__Task item__. Report every line of the material that contains the string "From".

__Dataset excerpts__.
(* If $X$ is a v-fibrant bisimplicial set, then $X$ is categorically constant, i.e. for every $n\ge0$ the map $X_{\star0}\to X_{\star n}$ induced by $[n]\to[0]$ is a weak categorical equivalence.
   Context: For a bisimplicial set $X$ and simplicial set $A$, $A\backslash X$ is the simplicial set whose $n$-simplices are maps $A\Box\Delta[n]\to X$, $(A\Box B)_{mn}=A_m\times B_n$. $X$ is v-fibrant if for every $m\ge0$ the map $\Delta[m]\backslash X\to\partial\Delta[m]\backslash X$ is a Kan fibration. $X_{\star n}$ denotes the $n$-th row of $X$. A map of simplicial sets $u:A\to B$ is a weak categorical equivalence if $\tau_0(B,Z)\to\tau_0(A,Z)$ is bijective for every quasi-category $Z$, where $\tau_0(A,Z)$ is the set of isomorphism classes of objects of the fundamental category of $Z^A$. *)

From Stdlib Require Import FunctionalExtensionality ProofIrrelevance.
From mathcomp Require Import all_boot.
Set Implicit Arguments. Unset Strict Implicit. Unset Printing Implicit Defensive.

Definition monob m n (f : {ffun 'I_m.+1 -> 'I_n.+1}) : bool :=
  [forall i : 'I_m.+1, forall j : 'I_m.+1, (i <= j) ==> (f i <= f j)].

Lemma monoP m n (f : {ffun 'I_m.+1 -> 'I_n.+1}) :
  reflect (forall i j : 'I_m.+1, i <= j -> f i <= f j) (monob f).
Proof.
apply: (iffP forallP) => [H i j hij | H i]; first by move: (H i) => /forallP /(_ j) /implyP; apply.
by apply/forallP => j; apply/implyP; apply: H.
Qed.

Definition hom m n := {f : {ffun 'I_m.+1 -> 'I_n.+1} | monob f}.
Definition homf m n (f : hom m n) : 'I_m.+1 -> 'I_n.+1 := fun i => sval f i.

Lemma hom_eq m n (f g : hom m n) : (forall i, homf f i = homf g i) -> f = g.
Proof. by move=> H; apply: val_inj; apply/ffunP => i; exact: H. Qed.

Lemma mkhom_subproof m n (f : 'I_m.+1 -> 'I_n.+1)
  (Hf : forall i j : 'I_m.+1, i <= j -> f i <= f j) : monob [ffun i => f i].
Proof. by apply/monoP => i j hij; rewrite !ffunE; apply: Hf. Qed.

Definition mkhom m n (f : 'I_m.+1 -> 'I_n.+1)
  (Hf : forall i j : 'I_m.+1, i <= j -> f i <= f j) : hom m n :=
  exist _ [ffun i => f i] (mkhom_subproof Hf).

Lemma mkhomE m n f Hf i : homf (@mkhom m n f Hf) i = f i.
Proof. by rewrite /homf /= ffunE. Qed.

Lemma homf_mono m n (f : hom m n) (i j : 'I_m.+1) : i <= j -> homf f i <= homf f j.
Proof. by move: (svalP f) => /monoP; apply. Qed.

Definition hid n : hom n n := @mkhom n n id (fun i j h => h).

Definition hcomp m n p (g : hom n p) (f : hom m n) : hom m p :=
  @mkhom m p (fun i => homf g (homf f i))
    (fun i j h => homf_mono g (homf_mono f h)).

Lemma hcomp_idl m n (f : hom m n) : hcomp (hid n) f = f.
Proof. by apply: hom_eq => i; rewrite !mkhomE. Qed.
Lemma hcomp_idr m n (f : hom m n) : hcomp f (hid m) = f.
Proof. by apply: hom_eq => i; rewrite !mkhomE. Qed.
Lemma hcompA m n p q (h : hom p q) (g : hom n p) (f : hom m n) :
  hcomp h (hcomp g f) = hcomp (hcomp h g) f.
Proof. by apply: hom_eq => i; rewrite !mkhomE. Qed.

__Task answer__.
From Stdlib Require Import FunctionalExtensionality ProofIrrelevance.
From mathcomp Require Import all_boot.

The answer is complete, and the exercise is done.